From HB Require Import structures.
From mathcomp Require Import all_boot all_order all_algebra.
From mathcomp Require Import all_classical all_reals all_analysis.
From mathcomp Require Import measurable_realfun.
From mathcomp Require Import lra ring.
Import Order.TTheory GRing.Theory Num.Theory.
Local Open Scope classical_set_scope.
Local Open Scope ring_scope.

(* Let F be the set of heights t whose fibre lies in E up to a null set, and
   P = p^-1(F).  By Fubini and (ii), E and P differ by a null set.  The map
   phi is (x, s) |-> (x^2 - 2, s) composed with a map that is affine with
   nonzero slope on almost every vertical line, so phi^-1 preserves null
   sets; with (i) this makes P \ phi^-1(P) null.  Since phi maps the fibre
   over t onto heights [t^2 - 2, 2], Lipschitz images of null sets being null
   give: for almost every t in F, almost all of [t^2 - 2, 2] lies in F.  If F
   meets [-2, 2] in a set of positive measure, let c be the least a such that
   almost all of [a, 2] lies in F; were c > -2, a height t in F with
   |t| < sqrt (c + 2) would give t^2 - 2 < c.  So either F, hence E, is null,
   or F is conull in [-2, 2], hence E is conull in D. *)

Section lipschitz_negligible.
Context {R : realType}.
Local Notation lambda := (@lebesgue_measure R).
(* images of null sets need not be measurable *)
Local Notation lambda_out := ((wlength (R:=R) idfun)^*)%mu.

Lemma lipschitz_image_itvoo (f : R -> R) (k : R) (B : set R) (a b : R) :
  0 <= k -> k.-lipschitz_B f ->
  (lambda_out (f @` (`]a, b[ `&` B)) <= (2 * k)%:E * wlength idfun `]a, b[)%E.
Proof.
move=> k0 lipf.
have [[x0 [abx0 Bx0]]|] := pselect (exists x, (`]a, b[ `&` B) x); last first.
  move=> noB; rewrite (_ : _ `&` _ = set0) ?image_set0 ?outer_measure0.
    by rewrite mule_ge0 ?wlength_ge0// lee_fin mulr_ge0.
  by apply/seteqP; split => // x Bx; apply: noB; exists x.
move: abx0; rewrite /= in_itv/= => /andP[ax0 x0b].
have sub : f @` (`]a, b[ `&` B) `<=` `[f x0 - k * (b - a), f x0 + k * (b - a)].
  move=> _ [x [abx Bx] <-]; rewrite /= in_itv/=.
  have : `|f x - f x0| <= k * (b - a).
    apply: le_trans (lipf (x, x0) (conj Bx Bx0)) _; apply: ler_wpM2l => //=.
    move: abx; rewrite /= in_itv/= => /andP[ax xb].
    by rewrite ler_norml; apply/andP; split; lra.
  by rewrite ler_norml => /andP[? ?]; apply/andP; split; lra.
apply: le_trans (le_outer_measure lambda_out _ _ sub) _.
rewrite -[X in (X <= _)%E]/(lambda _) lebesgue_measure_itv/= wlength_itv/= !lte_fin.
have -> : a < b by lra.
by case: ifPn => _; rewrite -?EFinD -?EFinM lee_fin; nra.
Qed.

★ ★ ★

▸ **About this task**
Scan the listing above, and wherever a line holds the string "Scope", copy that line.

▸ **Response to this exercise**
Local Open Scope classical_set_scope.
Local Open Scope ring_scope.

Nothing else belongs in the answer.